(What you have to do): The required output is the exact run of lines below that opens at the line with "apply: r_max; apply/asboolP;" and closes at the line with "exists p (J : nat -> I) (w".

---- Supplied information

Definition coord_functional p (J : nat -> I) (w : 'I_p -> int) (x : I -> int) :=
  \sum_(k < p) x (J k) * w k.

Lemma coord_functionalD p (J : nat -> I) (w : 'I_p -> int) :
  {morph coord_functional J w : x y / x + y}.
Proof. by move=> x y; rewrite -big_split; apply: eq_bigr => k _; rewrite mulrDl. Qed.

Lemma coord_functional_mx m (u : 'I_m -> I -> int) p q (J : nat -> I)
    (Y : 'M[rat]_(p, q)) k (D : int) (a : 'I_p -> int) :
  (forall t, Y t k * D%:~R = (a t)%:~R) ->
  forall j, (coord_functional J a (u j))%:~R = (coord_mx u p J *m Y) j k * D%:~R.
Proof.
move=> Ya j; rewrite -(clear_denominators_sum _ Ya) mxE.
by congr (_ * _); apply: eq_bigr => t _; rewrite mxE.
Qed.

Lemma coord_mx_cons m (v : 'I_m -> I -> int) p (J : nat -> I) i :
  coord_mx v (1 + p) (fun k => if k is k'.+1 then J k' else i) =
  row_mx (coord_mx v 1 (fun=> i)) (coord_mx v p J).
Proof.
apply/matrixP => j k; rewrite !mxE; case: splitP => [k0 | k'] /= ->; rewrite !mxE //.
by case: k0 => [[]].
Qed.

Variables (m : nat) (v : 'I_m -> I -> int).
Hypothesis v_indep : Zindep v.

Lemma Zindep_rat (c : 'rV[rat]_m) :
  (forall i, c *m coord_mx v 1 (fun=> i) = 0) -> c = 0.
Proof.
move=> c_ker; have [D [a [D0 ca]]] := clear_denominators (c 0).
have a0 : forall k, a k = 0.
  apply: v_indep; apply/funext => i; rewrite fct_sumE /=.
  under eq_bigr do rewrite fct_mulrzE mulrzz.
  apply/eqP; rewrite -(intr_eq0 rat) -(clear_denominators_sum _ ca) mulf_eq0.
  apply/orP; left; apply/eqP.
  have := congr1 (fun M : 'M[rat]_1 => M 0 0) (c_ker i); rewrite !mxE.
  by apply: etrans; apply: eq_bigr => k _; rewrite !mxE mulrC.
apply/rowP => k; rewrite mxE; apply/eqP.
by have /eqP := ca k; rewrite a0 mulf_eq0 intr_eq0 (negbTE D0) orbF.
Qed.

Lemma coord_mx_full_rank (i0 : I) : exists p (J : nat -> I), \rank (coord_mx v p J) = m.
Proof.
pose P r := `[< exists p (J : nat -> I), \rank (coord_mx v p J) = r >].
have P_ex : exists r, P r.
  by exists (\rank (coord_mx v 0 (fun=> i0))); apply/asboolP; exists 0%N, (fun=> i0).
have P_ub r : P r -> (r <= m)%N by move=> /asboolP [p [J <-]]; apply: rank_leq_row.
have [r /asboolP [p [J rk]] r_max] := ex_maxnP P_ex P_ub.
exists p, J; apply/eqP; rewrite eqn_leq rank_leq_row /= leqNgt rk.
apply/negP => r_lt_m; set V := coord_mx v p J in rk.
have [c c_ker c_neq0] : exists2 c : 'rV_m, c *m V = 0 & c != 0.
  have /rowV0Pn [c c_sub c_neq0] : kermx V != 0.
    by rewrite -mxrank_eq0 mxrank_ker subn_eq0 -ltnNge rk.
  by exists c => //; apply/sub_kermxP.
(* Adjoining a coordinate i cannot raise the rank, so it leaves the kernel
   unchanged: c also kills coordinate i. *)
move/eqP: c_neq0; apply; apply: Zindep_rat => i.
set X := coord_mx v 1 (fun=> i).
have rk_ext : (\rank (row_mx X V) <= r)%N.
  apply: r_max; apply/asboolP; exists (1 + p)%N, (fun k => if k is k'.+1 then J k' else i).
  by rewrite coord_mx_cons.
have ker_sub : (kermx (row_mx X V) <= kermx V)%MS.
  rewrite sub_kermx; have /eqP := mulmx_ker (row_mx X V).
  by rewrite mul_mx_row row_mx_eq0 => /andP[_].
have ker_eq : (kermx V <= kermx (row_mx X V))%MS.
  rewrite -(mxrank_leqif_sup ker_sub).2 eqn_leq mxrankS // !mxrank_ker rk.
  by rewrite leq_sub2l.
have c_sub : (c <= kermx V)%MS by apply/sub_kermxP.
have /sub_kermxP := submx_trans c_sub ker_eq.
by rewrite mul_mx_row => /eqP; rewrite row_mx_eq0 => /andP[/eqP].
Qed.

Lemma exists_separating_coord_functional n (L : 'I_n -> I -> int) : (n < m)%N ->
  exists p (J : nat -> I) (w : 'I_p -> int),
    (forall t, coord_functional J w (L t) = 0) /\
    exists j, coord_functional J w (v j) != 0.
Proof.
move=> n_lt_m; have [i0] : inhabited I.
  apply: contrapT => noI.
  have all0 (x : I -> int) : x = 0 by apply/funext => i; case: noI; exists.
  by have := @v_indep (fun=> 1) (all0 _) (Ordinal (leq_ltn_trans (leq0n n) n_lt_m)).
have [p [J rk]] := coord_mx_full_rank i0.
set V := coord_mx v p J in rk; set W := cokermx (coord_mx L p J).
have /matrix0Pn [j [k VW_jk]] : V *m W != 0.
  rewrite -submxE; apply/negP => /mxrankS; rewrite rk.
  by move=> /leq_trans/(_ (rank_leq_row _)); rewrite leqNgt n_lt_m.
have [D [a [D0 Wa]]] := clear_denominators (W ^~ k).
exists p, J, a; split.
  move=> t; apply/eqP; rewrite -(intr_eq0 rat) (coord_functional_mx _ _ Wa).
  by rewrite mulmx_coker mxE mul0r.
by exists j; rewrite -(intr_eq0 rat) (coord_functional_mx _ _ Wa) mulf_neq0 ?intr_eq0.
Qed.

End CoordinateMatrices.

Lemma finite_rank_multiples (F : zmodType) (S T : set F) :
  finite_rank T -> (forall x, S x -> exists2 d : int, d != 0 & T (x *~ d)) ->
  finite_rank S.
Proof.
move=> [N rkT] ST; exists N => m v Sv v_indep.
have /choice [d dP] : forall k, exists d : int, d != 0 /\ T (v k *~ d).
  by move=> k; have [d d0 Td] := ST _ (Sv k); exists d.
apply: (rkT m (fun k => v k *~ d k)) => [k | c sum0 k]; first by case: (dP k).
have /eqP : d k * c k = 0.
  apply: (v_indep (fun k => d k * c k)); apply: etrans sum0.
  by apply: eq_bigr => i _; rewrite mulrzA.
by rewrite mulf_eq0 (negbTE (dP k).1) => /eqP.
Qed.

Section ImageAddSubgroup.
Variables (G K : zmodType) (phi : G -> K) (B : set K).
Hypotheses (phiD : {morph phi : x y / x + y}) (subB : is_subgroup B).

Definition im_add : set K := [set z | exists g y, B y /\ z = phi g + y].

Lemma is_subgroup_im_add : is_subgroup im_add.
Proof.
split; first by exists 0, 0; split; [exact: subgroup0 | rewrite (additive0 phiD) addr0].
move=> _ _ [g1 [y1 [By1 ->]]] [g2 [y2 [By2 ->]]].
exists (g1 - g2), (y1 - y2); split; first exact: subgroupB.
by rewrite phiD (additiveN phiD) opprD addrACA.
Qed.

--------

(Written response):
  apply: r_max; apply/asboolP; exists (1 + p)%N, (fun k => if k is k'.+1 then J k' else i).
  by rewrite coord_mx_cons.
have ker_sub : (kermx (row_mx X V) <= kermx V)%MS.
  rewrite sub_kermx; have /eqP := mulmx_ker (row_mx X V).
  by rewrite mul_mx_row row_mx_eq0 => /andP[_].
have ker_eq : (kermx V <= kermx (row_mx X V))%MS.
  rewrite -(mxrank_leqif_sup ker_sub).2 eqn_leq mxrankS // !mxrank_ker rk.
  by rewrite leq_sub2l.
have c_sub : (c <= kermx V)%MS by apply/sub_kermxP.
have /sub_kermxP := submx_trans c_sub ker_eq.
by rewrite mul_mx_row => /eqP; rewrite row_mx_eq0 => /andP[/eqP].
Qed.

Lemma exists_separating_coord_functional n (L : 'I_n -> I -> int) : (n < m)%N ->
  exists p (J : nat -> I) (w : 'I_p -> int),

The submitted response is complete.